Last weekend, America’s #1 and #2 movies were the PS2-inspired cop drama Max Payne and the Madagascar/Kangaroo Jack tequila-inspired love child, Beverly Hills Chihuahua.
Part of me can’t help but see this as a missed opportunity –
As any millennium generation video gamer knows, sometimes what a John Woo/Wachowski Brothers-inspired police detective fighting impossible odds really needs is an uncannily smart dog, and what an uncannily smart dog having adventures out in the big city really needs is a dark conspiracy of power and corruption that requires it to crawl through mazes and push buttons with its nose.
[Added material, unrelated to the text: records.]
Lemma series_inv_pow2_min_le (x : R ^nat) (N n : nat) : (forall j, 0 <= x j) ->
  series (fun j => 2^-j * Num.min 1 (x j)) n <= \sum_(0 <= j < N) x j + 2 * 2^-N.
Proof.
move=> x_ge0; set a := fun j => _.
have a_ge0 j : 0 <= a j by rewrite mulr_ge0 // le_min ler01 x_ge0.
have a_le_x j : a j <= x j.
  rewrite /a -[leRHS]mul1r ler_pM ?inv_pow2_le1 ?ge_min ?lexx ?orbT //.
  by rewrite le_min ler01 x_ge0.
have a_le_pow j : a j <= 2^-j by rewrite /a ler_piMr // ge_min lexx.
rewrite seriesEnat /=; apply: (@le_trans _ _ (\sum_(0 <= j < maxn n N) a j)).
  by rewrite (big_cat_nat _ (leq_maxl n N)) //= lerDl sumr_ge0.
rewrite (big_cat_nat _ (leq_maxr n N)) //=; apply: lerD; first exact: ler_sum.
exact: le_trans (ler_sum _ (fun j _ => a_le_pow j)) (sum_inv_pow2_tail_le _ _).
Qed.

Lemma series_inv_pow2_min_small (M : R ^nat) : (forall j, 0 <= M j) ->
  forall eps : R, 0 < eps -> exists2 eta : R, 0 < eta &
  forall (x : R ^nat) (t : R), 0 <= t < eta -> (forall j, 0 <= x j <= t * M j) ->
    limn (series (fun j => 2^-j * Num.min 1 (x j))) < eps.
Proof.
move=> M_ge0 eps eps_gt0.
have [N _ /(_ N (leqnn N)) /= powN] :=
  near_infty_natSinv_expn_lt (PosNum (divr_gt0 eps_gt0 (ltr0n R 4))).
pose K := \sum_(0 <= j < N) M j.
have K_ge0 : 0 <= K by rewrite sumr_ge0.
have K1_gt0 : 0 < K + 1 by rewrite ltr_wpDl.
exists (eps / (2 * (K + 1))); first by rewrite divr_gt0 // mulr_gt0.
move=> x t /andP[t_ge0 t_lt] x_bound.
have x_ge0 j : 0 <= x j by case/andP: (x_bound j).
have sum_x_le : \sum_(0 <= j < N) x j <= t * K.
  by rewrite mulr_sumr ler_sum // => j _; case/andP: (x_bound j).
have tK_lt : t * K <= eps / 2.
  have : t * (K + 1) <= eps / 2.
    by rewrite -ler_pdivlMr // -mulrA -invfM ltW.
  by apply: le_trans; rewrite ler_wpM2l // lerDl.
apply: (@le_lt_trans _ _ (\sum_(0 <= j < N) x j + 2 * 2^-N)).
  apply: limn_series_le => [j|n]; last exact: series_inv_pow2_min_le.
  by rewrite mulr_ge0 // le_min ler01 x_ge0.
move: powN; rewrite mul1r => powN; lra.
Qed.
End WeightedSeries.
More on dogs, antiheroes, antihero dogs and Dead to Rights, after the jump –
The rise and fall of bullet time
Max Payne and Dead to Rights were both video game series based around “bullet time as game mechanic.” The idea is simple: Wouldn’t people love to spend 15-35 hours of their lives living out that one really cool scene from The Matrix? This was back in the heady days of Fastlane, where Bill Bellamy and Tiffany Thiessen (she’ll always be Amber Thiessen to me) were introducing us to high-tech, luxury crimefighting devices like Lamborghinis, text messaging and camera phones. So of course, the response from gamers was, “Yes, please!” faster than you can say “A la tuhuelpa legria macarena.”
And just as every company that builds a great skyscraper promptly begins its inexorable decline to irrelevance — like the Chrysler Building, the Sears Tower, the Pan Am building, St. Peter’s Basilica and the U.S. Capitol — so is, I think Max Payne: the Movie (and its as-of-press-time 17% tomatometer rating, which, by the way, is less than half of Beverly Hills Chihuahua’s) a pretty good sign to all of us that, while bullet time is still going to be around, it’s pretty much covered all the ground it’s going to cover.
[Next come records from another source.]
(* For every positive integer $d$, the following identity holds in $K[t,z]$: \[\sum_{a\in A(d)}\chi_t(a)\,\frac{\ell_d E_d(z-a)}{z-a}=\sum_{j=0}^{d-1}b_j(t)E_j(z).\]
   Context: $A=\mathbb{F}_q[\theta]$, $K=\mathbb{F}_q(\theta)$; $\chi_t:A\to\mathbb{F}_q[t]$ the $\mathbb{F}_q$-algebra map with $\theta\mapsto t$. $b_j(t)=\prod_{i=0}^{j-1}(t-\theta^{q^i})$; $\ell_d=\prod_{j=1}^{d}(\theta-\theta^{q^j})$. $D_j$ is the product of all monic polynomials of degree $j$ in $A$. $A(d)$ is the set of elements of $A$ of degree $<d$ ($A(0)=\{0\}$), and $E_d(z)=D_d^{-1}\prod_{a\in A(d)}(z-a)$; note $E_d(z-a)/(z-a)$ is a polynomial in $z$ for $a\in A(d)$. *)

(* A = {poly F}, K = {fraction {poly F}}, F a finite field, q = #|F|.
   K[t,z] is represented as {poly {poly K}}: outer variable z, inner variable t. *)
From HB Require Import structures.
From mathcomp Require Import all_boot all_order all_algebra.
Set Implicit Arguments. Unset Strict Implicit. Unset Printing Implicit Defensive.
Import GRing.Theory.
Local Open Scope ring_scope.

Notation Kfrac F := {fraction {poly F}}.

Definition iA (F : finFieldType) (a : {poly F}) : Kfrac F := FracField.tofrac a.

(* A(d): the elements of A of degree < d (i.e. size <= d), enumerated without
   repetition as Poly s for coefficient tuples s : d.-tuple F. A(0) = [:: 0]. *)
Definition Adeg (F : finFieldType) (d : nat) : seq {poly F} :=
  [seq Poly (tval s) | s : d.-tuple F].

Definition Dprod (F : finFieldType) (j : nat) : {poly F} :=
  \prod_(s : j.-tuple F) ('X^j + Poly (tval s)).

Definition Ecarlitz (F : finFieldType) (d : nat) : {poly Kfrac F} :=
  (iA (Dprod F d))^-1 *: \prod_(a <- Adeg F d) ('X - (iA a)%:P).

Definition ell (F : finFieldType) (d : nat) : {poly F} :=
  \prod_(1 <= j < d.+1) ('X - 'X^(#|F| ^ j)).

Definition bpoly (F : finFieldType) (j : nat) : {poly Kfrac F} :=
  \prod_(i < j) ('X - (iA ('X^(#|F| ^ i)))%:P).

(* chi_t : A -> F_q[t] subset K[t], theta |-> t *)
Definition chi_t (F : finFieldType) (a : {poly F}) : {poly Kfrac F} :=
  map_poly (fun c : F => iA c%:P) a.

Definition liftz (F : finFieldType) (p : {poly Kfrac F}) : {poly {poly Kfrac F}} :=
  map_poly polyC p.

From HB Require Import structures.
From mathcomp Require Import all_boot all_order all_algebra all_field.
Import GRing.Theory.
Set Implicit Arguments. Unset Strict Implicit.
Local Open Scope ring_scope.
It is already passing into self-parody, as with John Woo’s Stranglehold, which casts the player as a third-person rendering of Chow Yun Fat and challenges him or her to negotiate the scenery of artful and stylish gunfights while racking up points Tony Hawk style, going spicy handed, sliding down banisters or rolling through Hong Kong mafia headquarters on a dim sum cart, guns blazing, shooting guys in the face. SCORE!
And even as Angelina Jolie taught us to bend our bullet-time like Beckham in Wanted, we can be pretty sure it’s time to start cashing out the genre’s major properties before they become worthless.
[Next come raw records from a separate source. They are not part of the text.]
(* For every integer $k>2$, $N(2k+6,k)=2$ if $k\equiv1\pmod 3$ and $N(2k+6,k)=0$ if $k\not\equiv1\pmod3$.
   Context: For $n>k\ge1$, $N(n,k)$ is the nullity of the $n\times n$ skew-symmetric Toeplitz matrix $A(n,k)$ whose first $k$ superdiagonals have all entries $1$ and whose remaining superdiagonals have all entries $0$. *)

From mathcomp Require Import all_boot all_order all_algebra.
Set Implicit Arguments. Unset Strict Implicit. Unset Printing Implicit Defensive.
Import GRing.Theory Num.Theory.
Local Open Scope ring_scope.

Definition Amx (R : realFieldType) (n k : nat) : 'M[R]_n :=
  \matrix_(i < n, j < n)
    (if ((i < j)%N && (j <= i + k)%N) then 1
     else if ((j < i)%N && (i <= j + k)%N) then -1 else 0).

Definition Nnull (R : realFieldType) (n k : nat) : nat := (n - \rank (Amx R n k))%N.

From mathcomp Require Import all_boot all_order all_algebra.
From mathcomp Require Import zify ring.
Set Implicit Arguments. Unset Strict Implicit. Unset Printing Implicit Defensive.
Import GRing.Theory Num.Theory.
Local Open Scope ring_scope.

(* A row vector x is in the left kernel of A(n,k) exactly when its window sums
   Y_j = x_(j-k) + ... + x_j are k-periodic on [0, n + k).  As
   x_j - x_(j-k-1) = Y_j - Y_(j-1), periodicity makes x telescope along the
   residue classes mod k+1: x_(i + m(k+1)) = Y_(i+m) - Y_(i-1).  For n = 2k+6
   the vanishing of x on [2k+6, 3k+6) therefore says Y_3 = 0, Y_4 = Y_0,
   Y_5 = Y_1 and Y_(t+3) = Y_t for 3 <= t < k: from index 3 on, Y has period 3.
   Matching this with Y_(k+r) = Y_r forces Y_2 = 0, and Y_0 = Y_1 = 0 unless
   k = 1 (mod 3).  So x |-> (x_0, x_1) embeds the kernel into R^2, and the
   kernel is trivial unless k = 1 (mod 3); in that case, for all a and b, the
   k-periodic repetition of a, b, 0, 0, a, b, 0, a, b, 0, ..., a, b, 0 is the
   window-sum sequence of a kernel vector. *)

Section SlidingWindow.

Variables (R : comPzRingType) (k : nat).
Implicit Types (x Y : nat -> R) (M : nat).

Definition lag Y (j : nat) : R := if j is j'.+1 then Y j' else 0.

(* [Y j] is the sum of the (at most k+1) terms [x i] with [j - k <= i <= j],
   stated through its first differences. *)
Definition window_sums x Y M :=
  forall j, (j < M)%N ->
    Y j = lag Y j + x j - (if (k < j)%N then x (j - k.+1)%N else 0).

Definition periodic_on Y M := forall b, (b + k < M)%N -> Y (b + k)%N = Y b.

Lemma window_sums_uniq x Y Y' M :
  window_sums x Y M -> window_sums x Y' M -> forall j, (j < M)%N -> Y j = Y' j.
Proof.
move=> hY hY'; elim=> [|j IHj] hj; first by rewrite hY // hY'.
by rewrite hY // hY' // /= IHj // ltnW.
Qed.

Lemma window_sums_eq0 x Y M : window_sums x Y M ->
  (forall j, (j < M)%N -> Y j = 0) -> forall j, (j < M)%N -> x j = 0.
Proof.
move=> hW hY; elim/ltn_ind=> j IHj hj.
have lag0 : lag Y j = 0 by case: j {IHj} hj => //= j hj; apply: hY; lia.
have prev0 : (if (k < j)%N then x (j - k.+1)%N else 0) = 0.
  by case: ifP => // hkj; apply: IHj; lia.
by move: (hW j hj); rewrite hY // lag0 prev0 add0r subr0 => /esym.
Qed.

Lemma periodic_onMD Y M : periodic_on Y M ->
  forall m b, (b + m * k < M)%N -> Y (b + m * k)%N = Y b.
Proof.
move=> hP; elim=> [|m IHm] b hb; first by rewrite mul0n addn0.
by rewrite mulSn (addnC k) addnA hP ?IHm //; lia.
Qed.

Lemma window_sums_telescope x Y M : window_sums x Y M -> periodic_on Y M ->
  forall i m, (i <= k)%N -> (i + m * k.+1 < M)%N ->
  x (i + m * k.+1)%N = Y (i + m)%N - lag Y i.
Proof.
move=> hW hP i; elim=> [|m IHm] hik hM.
  rewrite mul0n !addn0 in hM *.
  by rewrite (hW i hM) ifN -?leqNgt //; ring.
set j := (i + m.+1 * k.+1)%N in hM *.
have hkj : (k < j)%N by rewrite /j; lia.
have prevj : (j - k.+1 = i + m * k.+1)%N by rewrite /j; lia.
have lagj : lag Y j = Y (i + m)%N.
  rewrite (_ : j = ((i + m) + m.+1 * k).+1)%N /=; last by rewrite /j; lia.
  by rewrite (periodic_onMD hP) //; rewrite /j in hM; lia.
have Yj : Y j = Y (i + m.+1)%N.
  rewrite (_ : j = (i + m.+1) + m.+1 * k)%N; last by rewrite /j; lia.
  by rewrite (periodic_onMD hP) //; rewrite /j in hM; lia.
move: (hW j hM); rewrite hkj prevj lagj Yj IHm //; last lia.
move=> ->; ring.
Qed.

(* The telescoping formula of [window_sums_telescope], read as a definition. *)
Definition window_inverse Y (j : nat) : R :=
  Y (j %% k.+1 + j %/ k.+1)%N - lag Y (j %% k.+1).

Lemma window_sums_inverse Y M : (forall t, Y (t + k)%N = Y t) ->
  window_sums (window_inverse Y) Y M.
Proof.
move=> hP j _; have YMD m t : Y (t + m * k)%N = Y t.
  by apply: (@periodic_onMD _ (t + m * k).+1) => // b _; apply: hP.
rewrite /window_inverse; case: (leqP j k) => hjk.
  by rewrite modn_small ?divn_small // addn0; ring.
set i := ((j - k.+1) %% k.+1)%N; set q := ((j - k.+1) %/ k.+1)%N.
have ej : j = (i + q.+1 * k.+1)%N.
  by have := divn_eq (j - k.+1) k.+1; rewrite -/i -/q; nia.
have -> : (j %% k.+1 = i)%N by rewrite ej addnC modnMDl modn_mod.
have -> : (j %/ k.+1 = q.+1)%N by rewrite ej divnDMl // divn_small ?ltn_mod.
have -> : Y j = Y (i + q.+1)%N by rewrite -(YMD q.+1 (i + q.+1)%N) ej; congr Y; nia.
have -> : lag Y j = Y (i + q)%N.
  by rewrite (_ : j = (i + q + q.+1 * k).+1)%N /= ?YMD //; nia.
ring.
Qed.

Lemma window_sums_congr x x' Y M : (forall j, (j < M)%N -> x j = x' j) ->
  window_sums x Y M -> window_sums x' Y M.
Proof.
move=> hx hW j hj; rewrite hW // hx //; case: ifP => // hkj.
by rewrite hx //; lia.
Qed.

End SlidingWindow.

Section TailRelations.

Variables (R : comPzRingType) (k : nat).
Hypothesis k_gt2 : (2 < k)%N.
Implicit Types (x Y : nat -> R).

Definition tail_relations Y :=
  (forall r, (r < 3)%N -> Y (r + 3)%N = lag Y r) /\
  (forall t, (3 <= t < k)%N -> Y (t + 3)%N = Y t).

Lemma tail_eq0_iff x Y :
  window_sums k x Y (3 * k + 6) -> periodic_on k Y (3 * k + 6) ->
  (forall j, (2 * k + 6 <= j < 3 * k + 6)%N -> x j = 0) <-> tail_relations Y.
Proof.
move=> hW hP; have tele := window_sums_telescope hW hP.
have x_hi r : (r < 3)%N -> x (r + 3 * k.+1)%N = Y (r + 3)%N - lag Y r.
  by move=> hr; apply: tele; lia.
have x_lo t : (3 <= t < k)%N -> x (t.+1 + 2 * k.+1)%N = Y (t + 3)%N - Y t.
  by move=> ht; rewrite tele ?addSnnS //; lia.
split=> [hx | [hr ht] j hj].
  split=> [r hr | t ht]; apply/eqP; rewrite -subr_eq0.
    by rewrite -x_hi // hx //; lia.
  by rewrite -x_lo // hx //; lia.
have [jlo | jhi] := ltnP j (3 * k + 3)%N.
  have -> : j = ((j - 2 * k - 3).+1 + 2 * k.+1)%N by lia.
  by rewrite x_lo ?ht ?subrr //; lia.
have -> : j = ((j - 3 * k - 3) + 3 * k.+1)%N by lia.
by rewrite x_hi ?hr ?subrr //; lia.
Qed.

Lemma tail_relations_mod3 Y : tail_relations Y ->
  forall t, (3 <= t <= k + 2)%N -> Y t = nth 0 [:: 0; Y 0%N; Y 1%N] (t %% 3).
Proof.
case=> hr ht; elim/ltn_ind=> t IHt htk.
have [t_lt6 | t_ge6] := ltnP t 6%N.
  have : t = 3%N \/ t = 4%N \/ t = 5%N by lia.
  by case=> [->|[->|->]]; [rewrite (hr 0%N) | rewrite (hr 1%N) | rewrite (hr 2%N)].
have -> : t = ((t - 3) + 3)%N by lia.
rewrite ht ?modnDr; last lia.
by apply: IHt; lia.
Qed.

Lemma tail_relations_wrap Y : periodic_on k Y (3 * k + 6) -> tail_relations Y ->
  Y 2%N = 0 /\ ((k %% 3 != 1)%N -> Y 0%N = 0 /\ Y 1%N = 0).
Proof.
move=> hP hT; have m3 := tail_relations_mod3 hT.
have e0 : Y 0%N = nth 0 [:: 0; Y 0%N; Y 1%N] (k %% 3).
  rewrite -{1}(hP 0%N); last lia.
  by rewrite add0n (m3 k) //; lia.
have e1 : Y 1%N = nth 0 [:: 0; Y 0%N; Y 1%N] ((k %% 3 + 1) %% 3).
  rewrite modnDml -{1}(hP 1%N); last lia.
  by rewrite addnC (m3 (k + 1)%N) //; lia.
have e2 : Y 2%N = nth 0 [:: 0; Y 0%N; Y 1%N] ((k %% 3 + 2) %% 3).
  rewrite modnDml -{1}(hP 2%N); last lia.
  by rewrite addnC (m3 (k + 2)%N) //; lia.
have k3_lt3 : (k %% 3 < 3)%N by rewrite ltn_mod.
move: e0 e1 e2 k3_lt3; case: (k %% 3)%N => [|[|[|r]]] //=.
- by move=> e0 e1 e2 _; rewrite e2 e1 e0.
- by move=> e0 e1 e2 _; rewrite e2 e0 e1.
Qed.

Lemma tail_relations_eq0 Y : periodic_on k Y (3 * k + 6) -> tail_relations Y ->
  (k %% 3 != 1)%N \/ (Y 0%N = 0 /\ Y 1%N = 0) ->
  forall t, (t < 3 * k + 6)%N -> Y t = 0.
Proof.
move=> hP hT hc; have [Y2 wrap] := tail_relations_wrap hP hT.
have [Y0 Y1] : Y 0%N = 0 /\ Y 1%N = 0 by case: hc => [/wrap|].
move=> t ht; rewrite (divn_eq t k) addnC (periodic_onMD hP); last first.
  by rewrite addnC -divn_eq.
have : (t %% k < k)%N by rewrite ltn_mod; lia.
move: (t %% k)%N => s hs.
have [s_lt3 | s_ge3] := ltnP s 3%N.
  have : s = 0%N \/ s = 1%N \/ s = 2%N by lia.
  by case=> [|[|]] ->.
rewrite (tail_relations_mod3 hT) ?Y0 ?Y1; last lia.
by case: (s %% 3)%N => [|[|[|n]]] //=; rewrite nth_nil.
Qed.

(* For k = 1 (mod 3), [pattern a b (t %% k)] is 3-periodic from t = 3 on,
   across the wrap-arounds at multiples of k. *)
Definition pattern (a b : R) (s : nat) : R :=
  if (s < 3)%N then nth 0 [:: a; b; 0] s else nth 0 [:: 0; a; b] (s %% 3).

Lemma pattern_tail_relations a b : (k %% 3 = 1)%N ->
  tail_relations (fun t => pattern a b (t %% k)).
Proof.
move=> k3; split=> [r hr | t ht] /=.
  have : r = 0%N \/ r = 1%N \/ r = 2%N by lia.
  have [-> | k_ne4] := eqVneq k 4%N; first by case=> [|[|]] ->; reflexivity.
  by case=> [|[|]] ->; rewrite /= ?mod0n !modn_small //; lia.
rewrite (modn_small (m := t)); last lia.
have [t3_lt | t3_ge] := ltnP (t + 3)%N k.
  by rewrite modn_small // /pattern !ifN -?leqNgt ?modnDr //; lia.
set s := (t + 3 - k)%N.
have hs : (s < 3)%N by rewrite /s; lia.
have ts : (t + 3 = s + k)%N by rewrite /s; lia.
clearbody s; rewrite ts modnDr (modn_small (m := s)); last lia.
rewrite /pattern hs ifN -?leqNgt; last lia.
have -> : (t %% 3 = (s + 1) %% 3)%N by lia.
have : s = 0%N \/ s = 1%N \/ s = 2%N by lia.
by case=> [|[|]] ->.
Qed.

End TailRelations.

Section BandSums.

Variables (R : comPzRingType) (n k : nat).

Definition band_sum (x : nat -> R) (j : nat) : R :=
  \sum_(i < n) (if (i <= j <= i + k)%N then x i else 0).

Lemma window_sums_band_sum x M : (forall t, (n <= t)%N -> x t = 0) ->
  window_sums k x (band_sum x) M.
Proof.
move=> hx; have pick m : x m = \sum_(i < n) (if i == m :> nat then x i else 0).
  by rewrite -big_mkcond big_ord1_eq; case: ltnP => // /hx.
case=> [|j] _ /=.
  rewrite (pick 0%N) add0r subr0; apply: eq_bigr => i _.
  by case: ifP; case: ifP => //; lia.
rewrite (pick j.+1) subSS ltnS.
have -> : (if (k <= j)%N then x (j - k)%N else 0) =
    \sum_(i < n) (if (k <= j)%N && (i == (j - k)%N :> nat) then x i else 0).
  by case: ifP => _; [exact: pick | rewrite big1].
rewrite /band_sum -big_split -sumrB /=; apply: eq_bigr => i _.
by repeat case: ifP; intros; first [ring | lia].
Qed.

End BandSums.

Section RowSeq.

Variables (R : pzRingType) (n : nat).
Implicit Types w : 'rV[R]_n.

Definition row_seq w (t : nat) : R := oapp (w 0) 0 (insub t).

Lemma row_seq_ord w (i : 'I_n) : row_seq w i = w 0 i.
Proof. by rewrite /row_seq valK. Qed.

Lemma row_seq_out w t : (n <= t)%N -> row_seq w t = 0.
Proof. by move=> hn; rewrite /row_seq insubF // ltnNge hn. Qed.

Lemma row_seq_row (x : nat -> R) t :
  row_seq (\row_(i < n) x i) t = if (t < n)%N then x t else 0.
Proof.
rewrite /row_seq; case: insubP => [i _ <- | /negbTE ->] //=.
by rewrite mxE ltn_ord.
Qed.

Lemma mulmx_pid_mx w p (j : 'I_p) : (w *m pid_mx p) 0 j = row_seq w j.
Proof.
rewrite mxE (eq_bigr (fun i : 'I_n => if i == j :> nat then row_seq w i else 0)).
  by rewrite -big_mkcond big_ord1_eq; case: ltnP => // /row_seq_out.
move=> i _; rewrite mxE row_seq_ord; case: eqP => [eij | _] /=; last by rewrite mulr0.
by rewrite eij ltn_ord mulr1.
Qed.

End RowSeq.

Section BandMatrix.

Variables (R : realFieldType) (n k : nat).
Implicit Types w : 'rV[R]_n.

Lemma mulmx_Amx w (j : 'I_n) : (w *m Amx R n k) 0 j =
  band_sum n k (row_seq w) j - band_sum n k (row_seq w) (j + k).
Proof.
rewrite mxE /band_sum -sumrB; apply: eq_bigr => i _; rewrite mxE !row_seq_ord.
by repeat case: ifP; intros; first [ring | lia].
Qed.

Lemma mulmx_Amx_eq0 w :
  w *m Amx R n k = 0 <-> periodic_on k (band_sum n k (row_seq w)) (n + k).
Proof.
split=> [hw b hb | hP].
  have hbn : (b < n)%N by lia.
  by apply/eqP; rewrite eq_sym -subr_eq0 -(mulmx_Amx w (Ordinal hbn)) hw mxE.
by apply/rowP => j; rewrite mulmx_Amx hP ?subrr ?mxE // ltn_add2r.
Qed.

End BandMatrix.

Lemma mxrank_bijective_mul (F : fieldType) m n p (K : 'M[F]_(m, n)) (f : 'M_(n, p)) :
  (forall w : 'rV_n, (w <= K)%MS -> w *m f = 0 -> w = 0) ->
  (forall v : 'rV_p, exists2 w : 'rV_n, (w <= K)%MS & w *m f = v) ->
  \rank K = p.
Proof.
move=> f_inj f_surj.
have capK0 : (K :&: kermx f)%MS = 0.
  apply/eqP; rewrite -submx0; apply/rV_subP => w.
  rewrite sub_capmx sub_kermx => /andP[wK /eqP wf].
  by rewrite (f_inj w wK wf) sub0mx.
rewrite -(mxrank_mul_ker K f) capK0 mxrank0 addn0; apply/eqP.
rewrite -/(row_full _) -sub1mx; apply/rV_subP => v _; have [w wK <-] := f_surj v.
exact: submxMr.
Qed.

Section KernelA.

Variables (R : realFieldType) (k : nat).
Hypothesis k_gt2 : (2 < k)%N.
Local Notation A := (Amx R (2 * k + 6) k).

Lemma periodic_on_kerA w : w *m A = 0 ->
  periodic_on k (band_sum (2 * k + 6) k (row_seq w)) (3 * k + 6).
Proof. by move/mulmx_Amx_eq0; rewrite (_ : 2 * k + 6 + k = 3 * k + 6)%N //; lia. Qed.

Lemma kerA_eq0 w : w *m A = 0 ->
  (k %% 3 != 1)%N \/ (row_seq w 0%N = 0 /\ row_seq w 1%N = 0) -> w = 0.
Proof.
move=> /periodic_on_kerA hP hc; set Y := band_sum _ _ _ in hP.
have hx := @row_seq_out _ _ w.
have hW : window_sums k (row_seq w) Y (3 * k + 6) by exact: window_sums_band_sum.
have hT : tail_relations k Y.
  by apply/(tail_eq0_iff k_gt2 hW hP) => j hj; apply: hx; lia.
have Y0 : Y 0%N = row_seq w 0%N by rewrite hW /= ?add0r ?subr0 //; lia.
have Y1 : Y 1%N = row_seq w 0%N + row_seq w 1%N.
  by rewrite hW /= ?Y0 ?ifN -?leqNgt ?subr0 //; lia.
have hcY : (k %% 3 != 1)%N \/ (Y 0%N = 0 /\ Y 1%N = 0).
  by case: hc => [|[x0 x1]]; [left | right; rewrite Y1 Y0 x0 x1 addr0].
have x0 := window_sums_eq0 hW (tail_relations_eq0 k_gt2 hP hT hcY).
by apply/rowP => i; rewrite mxE -row_seq_ord x0 //; have := ltn_ord i; lia.
Qed.

Lemma kerA_onto (v : 'rV[R]_2) : (k %% 3 = 1)%N ->
  exists2 w, w *m A = 0 & w *m pid_mx 2 = v.
Proof.
move=> k3; set a := v 0 0; set b := v 0 0 + v 0 1.
pose Y t := pattern a b (t %% k).
have Yper t : Y (t + k)%N = Y t by rewrite /Y modnDr.
pose x := window_inverse k Y.
have hW M : window_sums k x Y M by exact: window_sums_inverse.
have hP : periodic_on k Y (3 * k + 6) by move=> t _; apply: Yper.
have xtail := (tail_eq0_iff k_gt2 (hW _) hP).2 (pattern_tail_relations k_gt2 a b k3).
pose w := \row_(i < 2 * k + 6) x i.
have hWw : window_sums k (row_seq w) Y (3 * k + 6).
  apply: window_sums_congr (hW _) => j hj; rewrite row_seq_row.
  by case: ifP => // hjn; rewrite xtail //; lia.
have YwY := window_sums_uniq (window_sums_band_sum _ (row_seq_out w)) hWw.
exists w.
  by apply/mulmx_Amx_eq0 => t ht; rewrite !YwY ?Yper //; lia.
have x0 : x 0%N = a.
  by rewrite /x /window_inverse mod0n div0n /= /Y mod0n subr0; reflexivity.
have x1 : x 1%N = v 0 1.
  have k1 : (1 < k)%N by lia.
  have k1S : (1 < k.+1)%N by lia.
  rewrite /x /window_inverse (modn_small k1S) (divn_small k1S) /=.
  rewrite /Y mod0n (modn_small k1).
  by rewrite /pattern /= /b addrAC subrr add0r.
apply/rowP => j; rewrite mulmx_pid_mx row_seq_row ifT; last by have := ltn_ord j; lia.
by case: j => [[|[|j]] hj] //=; rewrite ?x0 ?x1 /a; congr (v _ _); apply: val_inj.
Qed.

End KernelA.

Theorem theorem8p6 (R : realFieldType) (k : nat) (hk : (2 < k)%N) :
  Nnull R (2 * k + 6) k = (if k %% 3 == 1 then 2 else 0)%N.
Proof.
rewrite /Nnull -mxrank_ker; case: ifP => [/eqP k3 | /negbT k3].
  apply: mxrank_bijective_mul (pid_mx 2) _ _ => [w | v].
    rewrite sub_kermx => /eqP wA wE; apply: (kerA_eq0 hk wA); right.
    by split; rewrite -(mulmx_pid_mx w (p := 2) (Ordinal _)) wE mxE.
  by have [w wA <-] := kerA_onto hk v k3; exists w; rewrite ?sub_kermx ?wA.
apply/eqP; rewrite mxrank_eq0 -submx0; apply/rV_subP => w.
by rewrite sub_kermx => /eqP wA; rewrite (kerA_eq0 hk wA) ?sub0mx //; left.
Qed.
Thus the motive, nay, necessity of a Dead to Rights movie.
A boy and his dog
Dead to Rights was Max Payne’s friendlier, less dangerous, better-for-you-but-tragically-less-sexy sister. It seems that Hollywood should be all over it, because if there are two things the Dream Factory loves, it’s putting animals where they have no business being and taking as few risks as possible. Hard-boiled-I-guess cop hero / porn star (not really, but come on) Jack Slate shares a sort of telepathic relationship with his dog Shadow, which he rescued from a crime scene. Together, they go on many exciting and obstacle-filled adventures.
Jack’s job is to find the bad guys and kill the just-as-bad-but-more-expendable guys who get in the way (in slow motion, ‘natch), and the player regularly switches control between him and Shadow, who occasionally gets in the mix but usually solves puzzles and traverses construction sites and does other things that lead you to believe that the boys at Mayhem, Inc. were at one point sitting in their lair saying “No one will ever find and defeat us, unless he happens to bring a Siberian Husky with him every step of the way! Bwa ha ha ha!”
The Dead to Rights franchise is Lassie the way you wished it could always be. Timmy is pissed off and shooting people for complex and tenuous reasons, and Lassie will tear a mobster’s throat out before climbing down the well to save Old Man Willoughby. It’s one of those video games that developers pumped out as quickly as humanly possible as soon as they figured out how to digitally texture-map stubble.
But Dead to Rights (at least the original; the only one I played) was also disappointingly flat. The concept was compelling enough, but they relied too much on its novelty and didn’t really stretch it in interesting directions. Which, when you think about it, could be the epitaph for all of bullet-time-ography, from Action Man to Eye Vision to The Matrix: Reloaded.
Slow it down for the ladies
I am probably not going to see Max Payne in the theaters, and I suggest you probably don’t either. Movies like this have a time and place, and it’s three times a week on TNT or TBS alongside daily airings of Constantine and The Hunt for Red October. Once Max Payne has found its home there (which will probably happen in about eight months), I’d encourage you to take as many breaks from Rock Band 2 as necessary to be able to say, “Yeah, I saw part of that. It was okay, but I don’t care if you spoil the ending.”
Their other place Max Payne belongs is with its brethren back in bullet time, in the salad days of the early aughts, when men were men, colors didn’t run, and anything worth doing was worth doing at one-eighth speed in a rotating crane shot.